* Records supplied *
━━━

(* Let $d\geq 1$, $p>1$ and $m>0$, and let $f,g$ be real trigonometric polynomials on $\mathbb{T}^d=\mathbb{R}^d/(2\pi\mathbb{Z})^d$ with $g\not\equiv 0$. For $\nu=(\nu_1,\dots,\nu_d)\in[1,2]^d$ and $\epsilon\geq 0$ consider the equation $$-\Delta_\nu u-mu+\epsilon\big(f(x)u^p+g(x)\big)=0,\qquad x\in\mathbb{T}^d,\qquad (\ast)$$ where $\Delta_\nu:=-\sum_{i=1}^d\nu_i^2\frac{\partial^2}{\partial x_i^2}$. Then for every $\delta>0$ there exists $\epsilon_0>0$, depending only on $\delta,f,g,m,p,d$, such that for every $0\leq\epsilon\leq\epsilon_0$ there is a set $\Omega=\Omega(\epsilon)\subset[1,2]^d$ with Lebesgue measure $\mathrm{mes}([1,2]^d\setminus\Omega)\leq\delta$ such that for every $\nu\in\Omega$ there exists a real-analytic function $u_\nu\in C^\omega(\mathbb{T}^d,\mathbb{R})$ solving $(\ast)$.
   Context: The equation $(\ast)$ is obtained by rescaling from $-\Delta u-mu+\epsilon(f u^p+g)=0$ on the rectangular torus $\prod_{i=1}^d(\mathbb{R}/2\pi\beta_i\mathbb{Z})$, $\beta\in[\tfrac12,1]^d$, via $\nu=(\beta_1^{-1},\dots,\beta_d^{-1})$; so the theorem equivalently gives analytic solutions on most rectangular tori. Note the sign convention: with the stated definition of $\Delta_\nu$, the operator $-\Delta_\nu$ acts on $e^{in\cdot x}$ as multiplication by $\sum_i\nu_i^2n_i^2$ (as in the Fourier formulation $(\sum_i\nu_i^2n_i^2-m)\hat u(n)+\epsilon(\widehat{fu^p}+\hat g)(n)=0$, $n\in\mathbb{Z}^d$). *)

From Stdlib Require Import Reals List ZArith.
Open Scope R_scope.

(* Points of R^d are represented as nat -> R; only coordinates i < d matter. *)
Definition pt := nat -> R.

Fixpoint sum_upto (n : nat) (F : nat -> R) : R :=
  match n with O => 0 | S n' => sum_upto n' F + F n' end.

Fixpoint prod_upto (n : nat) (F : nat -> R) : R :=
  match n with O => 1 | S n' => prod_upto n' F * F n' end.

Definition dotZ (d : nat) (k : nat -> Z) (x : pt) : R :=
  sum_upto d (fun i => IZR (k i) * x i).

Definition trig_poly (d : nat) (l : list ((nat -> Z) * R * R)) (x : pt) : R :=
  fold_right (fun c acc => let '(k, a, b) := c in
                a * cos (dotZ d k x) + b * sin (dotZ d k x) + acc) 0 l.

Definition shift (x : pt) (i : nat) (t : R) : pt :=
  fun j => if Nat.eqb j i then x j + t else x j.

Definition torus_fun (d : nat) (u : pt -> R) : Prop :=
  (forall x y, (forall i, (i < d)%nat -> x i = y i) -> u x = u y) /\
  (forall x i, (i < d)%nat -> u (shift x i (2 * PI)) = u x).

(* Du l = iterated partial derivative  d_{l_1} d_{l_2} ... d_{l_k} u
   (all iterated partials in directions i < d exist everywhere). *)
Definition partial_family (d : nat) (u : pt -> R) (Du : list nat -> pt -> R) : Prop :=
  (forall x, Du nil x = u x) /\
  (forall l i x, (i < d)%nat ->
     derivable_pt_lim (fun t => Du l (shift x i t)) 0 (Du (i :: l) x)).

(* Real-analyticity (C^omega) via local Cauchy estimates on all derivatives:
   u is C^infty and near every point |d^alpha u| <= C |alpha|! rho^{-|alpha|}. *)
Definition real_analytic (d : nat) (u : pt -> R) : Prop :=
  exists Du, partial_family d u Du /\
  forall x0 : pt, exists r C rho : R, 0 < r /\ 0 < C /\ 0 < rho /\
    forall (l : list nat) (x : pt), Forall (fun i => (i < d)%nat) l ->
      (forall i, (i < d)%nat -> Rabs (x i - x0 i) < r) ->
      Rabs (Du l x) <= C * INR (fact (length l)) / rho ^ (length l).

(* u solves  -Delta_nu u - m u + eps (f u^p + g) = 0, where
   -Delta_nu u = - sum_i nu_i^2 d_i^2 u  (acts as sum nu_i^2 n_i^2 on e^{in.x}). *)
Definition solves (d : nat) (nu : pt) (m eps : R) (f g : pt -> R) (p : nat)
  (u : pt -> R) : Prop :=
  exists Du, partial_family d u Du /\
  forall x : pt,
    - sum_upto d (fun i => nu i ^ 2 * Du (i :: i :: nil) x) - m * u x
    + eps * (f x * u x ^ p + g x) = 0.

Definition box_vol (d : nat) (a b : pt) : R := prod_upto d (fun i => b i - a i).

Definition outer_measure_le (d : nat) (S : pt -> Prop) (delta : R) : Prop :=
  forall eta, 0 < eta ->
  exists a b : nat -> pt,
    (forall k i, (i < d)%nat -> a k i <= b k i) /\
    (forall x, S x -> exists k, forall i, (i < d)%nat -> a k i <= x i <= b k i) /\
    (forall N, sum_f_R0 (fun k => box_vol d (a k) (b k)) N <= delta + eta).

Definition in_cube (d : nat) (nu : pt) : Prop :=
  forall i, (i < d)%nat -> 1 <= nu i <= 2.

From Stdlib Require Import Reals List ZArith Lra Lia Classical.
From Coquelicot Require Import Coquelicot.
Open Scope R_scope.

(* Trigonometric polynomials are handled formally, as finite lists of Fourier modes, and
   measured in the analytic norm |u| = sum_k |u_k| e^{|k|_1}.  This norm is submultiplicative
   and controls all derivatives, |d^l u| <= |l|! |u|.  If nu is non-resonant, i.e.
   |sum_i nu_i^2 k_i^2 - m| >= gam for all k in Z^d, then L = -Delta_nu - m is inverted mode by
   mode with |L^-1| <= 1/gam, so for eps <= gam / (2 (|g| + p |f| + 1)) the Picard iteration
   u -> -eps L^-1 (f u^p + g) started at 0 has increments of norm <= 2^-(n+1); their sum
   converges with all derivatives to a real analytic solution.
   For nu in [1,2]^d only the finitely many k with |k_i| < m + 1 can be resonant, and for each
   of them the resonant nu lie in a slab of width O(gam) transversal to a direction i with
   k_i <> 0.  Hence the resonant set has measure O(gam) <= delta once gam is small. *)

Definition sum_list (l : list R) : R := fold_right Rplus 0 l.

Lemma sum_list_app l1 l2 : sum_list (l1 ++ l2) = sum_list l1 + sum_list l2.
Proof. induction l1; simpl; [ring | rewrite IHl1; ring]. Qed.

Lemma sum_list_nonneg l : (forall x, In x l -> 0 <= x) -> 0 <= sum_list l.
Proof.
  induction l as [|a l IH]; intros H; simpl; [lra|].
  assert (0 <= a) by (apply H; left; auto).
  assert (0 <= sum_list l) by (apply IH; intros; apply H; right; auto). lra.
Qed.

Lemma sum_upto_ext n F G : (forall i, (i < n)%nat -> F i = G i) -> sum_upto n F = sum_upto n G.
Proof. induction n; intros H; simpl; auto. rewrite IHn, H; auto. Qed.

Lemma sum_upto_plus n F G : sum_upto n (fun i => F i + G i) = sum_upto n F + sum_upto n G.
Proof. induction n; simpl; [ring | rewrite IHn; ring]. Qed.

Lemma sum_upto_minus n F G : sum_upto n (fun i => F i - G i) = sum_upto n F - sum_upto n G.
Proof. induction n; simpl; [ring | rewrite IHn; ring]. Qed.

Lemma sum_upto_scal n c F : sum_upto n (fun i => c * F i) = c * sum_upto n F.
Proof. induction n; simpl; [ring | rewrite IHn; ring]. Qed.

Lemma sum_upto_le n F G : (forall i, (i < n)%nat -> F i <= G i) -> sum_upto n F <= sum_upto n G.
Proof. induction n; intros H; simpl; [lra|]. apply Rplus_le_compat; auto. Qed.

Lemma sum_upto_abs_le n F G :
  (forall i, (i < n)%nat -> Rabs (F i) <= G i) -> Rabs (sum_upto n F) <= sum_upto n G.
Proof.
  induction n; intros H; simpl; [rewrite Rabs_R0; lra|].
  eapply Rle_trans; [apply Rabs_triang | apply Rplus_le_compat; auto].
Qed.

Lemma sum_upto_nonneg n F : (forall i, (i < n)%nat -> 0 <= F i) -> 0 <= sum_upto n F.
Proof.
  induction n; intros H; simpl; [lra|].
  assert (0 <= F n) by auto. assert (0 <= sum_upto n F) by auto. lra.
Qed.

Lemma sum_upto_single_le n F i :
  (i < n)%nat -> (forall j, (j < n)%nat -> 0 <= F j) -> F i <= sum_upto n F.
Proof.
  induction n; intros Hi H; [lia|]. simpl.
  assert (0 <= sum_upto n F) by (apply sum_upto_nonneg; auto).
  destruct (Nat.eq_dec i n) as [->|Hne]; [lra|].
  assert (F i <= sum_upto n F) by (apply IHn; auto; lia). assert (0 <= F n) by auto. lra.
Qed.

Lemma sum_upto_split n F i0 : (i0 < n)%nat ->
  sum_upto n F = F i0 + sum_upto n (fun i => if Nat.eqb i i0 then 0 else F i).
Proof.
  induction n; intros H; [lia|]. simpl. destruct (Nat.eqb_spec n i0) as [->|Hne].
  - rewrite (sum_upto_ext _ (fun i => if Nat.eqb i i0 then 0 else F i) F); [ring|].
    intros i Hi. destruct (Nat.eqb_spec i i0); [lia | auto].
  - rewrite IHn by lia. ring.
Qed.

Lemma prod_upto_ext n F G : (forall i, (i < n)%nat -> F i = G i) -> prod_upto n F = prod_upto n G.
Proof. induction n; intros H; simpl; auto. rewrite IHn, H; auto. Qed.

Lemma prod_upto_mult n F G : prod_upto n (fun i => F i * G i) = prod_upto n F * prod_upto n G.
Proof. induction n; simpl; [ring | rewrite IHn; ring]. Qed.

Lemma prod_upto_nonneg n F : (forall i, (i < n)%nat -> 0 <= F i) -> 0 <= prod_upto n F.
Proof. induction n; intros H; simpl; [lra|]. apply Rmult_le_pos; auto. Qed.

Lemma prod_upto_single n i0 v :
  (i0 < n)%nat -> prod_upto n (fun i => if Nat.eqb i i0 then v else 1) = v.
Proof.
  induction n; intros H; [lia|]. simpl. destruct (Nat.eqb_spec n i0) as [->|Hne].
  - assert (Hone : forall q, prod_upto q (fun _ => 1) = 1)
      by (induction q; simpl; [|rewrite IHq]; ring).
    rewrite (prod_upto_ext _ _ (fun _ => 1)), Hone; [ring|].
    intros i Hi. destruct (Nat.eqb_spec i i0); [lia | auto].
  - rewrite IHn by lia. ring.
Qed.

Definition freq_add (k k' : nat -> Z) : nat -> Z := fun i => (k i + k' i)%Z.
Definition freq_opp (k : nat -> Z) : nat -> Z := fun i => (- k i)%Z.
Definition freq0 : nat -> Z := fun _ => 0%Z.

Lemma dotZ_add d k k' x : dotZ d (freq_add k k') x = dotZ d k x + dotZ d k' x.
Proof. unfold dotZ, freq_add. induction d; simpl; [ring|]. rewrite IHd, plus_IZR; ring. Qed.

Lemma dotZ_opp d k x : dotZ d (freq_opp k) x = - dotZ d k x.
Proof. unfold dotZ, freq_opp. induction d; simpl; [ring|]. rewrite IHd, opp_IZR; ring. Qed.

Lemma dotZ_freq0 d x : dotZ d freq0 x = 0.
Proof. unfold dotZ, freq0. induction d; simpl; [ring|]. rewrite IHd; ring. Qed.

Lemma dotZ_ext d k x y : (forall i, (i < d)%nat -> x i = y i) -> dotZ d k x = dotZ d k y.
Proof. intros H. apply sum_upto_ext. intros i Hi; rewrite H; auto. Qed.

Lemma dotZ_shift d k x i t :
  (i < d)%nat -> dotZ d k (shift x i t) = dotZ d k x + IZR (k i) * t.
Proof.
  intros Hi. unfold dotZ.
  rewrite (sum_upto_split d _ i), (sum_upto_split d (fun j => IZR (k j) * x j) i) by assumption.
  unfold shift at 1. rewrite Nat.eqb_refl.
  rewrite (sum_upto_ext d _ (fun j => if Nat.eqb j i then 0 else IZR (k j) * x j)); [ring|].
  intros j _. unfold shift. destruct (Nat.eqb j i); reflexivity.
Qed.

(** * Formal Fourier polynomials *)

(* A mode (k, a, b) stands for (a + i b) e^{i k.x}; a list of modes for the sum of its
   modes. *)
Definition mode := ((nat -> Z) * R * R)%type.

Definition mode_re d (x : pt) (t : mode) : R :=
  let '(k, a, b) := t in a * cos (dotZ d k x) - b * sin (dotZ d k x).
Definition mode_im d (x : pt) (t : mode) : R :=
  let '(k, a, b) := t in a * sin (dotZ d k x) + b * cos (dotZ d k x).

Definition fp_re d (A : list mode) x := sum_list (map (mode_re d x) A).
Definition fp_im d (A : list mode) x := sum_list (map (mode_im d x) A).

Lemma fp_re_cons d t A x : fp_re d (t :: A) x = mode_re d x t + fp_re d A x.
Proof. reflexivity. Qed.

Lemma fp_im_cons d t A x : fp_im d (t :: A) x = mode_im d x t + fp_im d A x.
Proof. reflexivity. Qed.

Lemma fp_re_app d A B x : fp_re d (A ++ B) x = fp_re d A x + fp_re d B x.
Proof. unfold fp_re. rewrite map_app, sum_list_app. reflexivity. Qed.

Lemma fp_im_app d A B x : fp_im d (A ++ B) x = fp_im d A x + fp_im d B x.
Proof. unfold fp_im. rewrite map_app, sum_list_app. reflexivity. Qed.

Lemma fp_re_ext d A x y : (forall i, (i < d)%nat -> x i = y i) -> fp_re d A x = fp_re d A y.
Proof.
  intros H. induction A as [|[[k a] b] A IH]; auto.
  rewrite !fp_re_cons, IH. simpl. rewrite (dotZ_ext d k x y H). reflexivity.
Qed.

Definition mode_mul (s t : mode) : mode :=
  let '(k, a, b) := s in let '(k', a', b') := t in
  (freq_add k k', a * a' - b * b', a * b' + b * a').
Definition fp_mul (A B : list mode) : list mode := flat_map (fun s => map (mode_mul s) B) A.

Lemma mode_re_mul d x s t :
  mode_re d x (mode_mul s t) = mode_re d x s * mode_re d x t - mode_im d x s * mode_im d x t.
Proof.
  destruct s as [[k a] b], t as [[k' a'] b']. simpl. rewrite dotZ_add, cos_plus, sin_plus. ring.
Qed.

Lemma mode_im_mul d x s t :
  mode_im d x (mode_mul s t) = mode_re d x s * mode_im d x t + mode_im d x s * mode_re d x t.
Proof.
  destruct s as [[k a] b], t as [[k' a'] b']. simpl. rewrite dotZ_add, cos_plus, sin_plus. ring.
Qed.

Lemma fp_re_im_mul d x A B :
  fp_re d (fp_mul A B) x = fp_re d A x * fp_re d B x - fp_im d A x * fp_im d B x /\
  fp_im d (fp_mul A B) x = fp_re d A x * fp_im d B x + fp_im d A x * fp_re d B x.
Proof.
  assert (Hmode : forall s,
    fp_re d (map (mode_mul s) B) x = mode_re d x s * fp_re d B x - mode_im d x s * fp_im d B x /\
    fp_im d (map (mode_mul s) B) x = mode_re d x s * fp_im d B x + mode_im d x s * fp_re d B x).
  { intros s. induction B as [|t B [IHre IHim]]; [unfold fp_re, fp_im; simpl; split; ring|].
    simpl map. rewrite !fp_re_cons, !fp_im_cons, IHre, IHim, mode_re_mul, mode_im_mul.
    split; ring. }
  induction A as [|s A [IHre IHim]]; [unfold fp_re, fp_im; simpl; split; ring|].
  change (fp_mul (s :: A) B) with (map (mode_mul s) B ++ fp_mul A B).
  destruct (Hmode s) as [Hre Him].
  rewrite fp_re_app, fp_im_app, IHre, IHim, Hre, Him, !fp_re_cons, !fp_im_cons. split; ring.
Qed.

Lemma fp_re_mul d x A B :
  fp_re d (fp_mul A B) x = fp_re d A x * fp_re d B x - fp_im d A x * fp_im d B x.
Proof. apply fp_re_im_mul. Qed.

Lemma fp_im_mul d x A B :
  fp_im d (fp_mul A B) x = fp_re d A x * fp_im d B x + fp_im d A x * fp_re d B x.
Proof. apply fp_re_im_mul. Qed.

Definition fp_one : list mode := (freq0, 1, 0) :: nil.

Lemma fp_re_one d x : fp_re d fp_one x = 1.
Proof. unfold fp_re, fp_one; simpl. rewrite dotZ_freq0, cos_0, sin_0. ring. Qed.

━━━

What you return must be an exact retyping of the lines above starting at the line with "Lemma sum_upto_nonneg n" and ending at the line with "induction n; intros Hi H; [lia|]. simpl.", and nothing besides.

* Result of the task *
Lemma sum_upto_nonneg n F : (forall i, (i < n)%nat -> 0 <= F i) -> 0 <= sum_upto n F.
Proof.
  induction n; intros H; simpl; [lra|].
  assert (0 <= F n) by auto. assert (0 <= sum_upto n F) by auto. lra.
Qed.

Lemma sum_upto_single_le n F i :
  (i < n)%nat -> (forall j, (j < n)%nat -> 0 <= F j) -> F i <= sum_upto n F.
Proof.
  induction n; intros Hi H; [lia|]. simpl.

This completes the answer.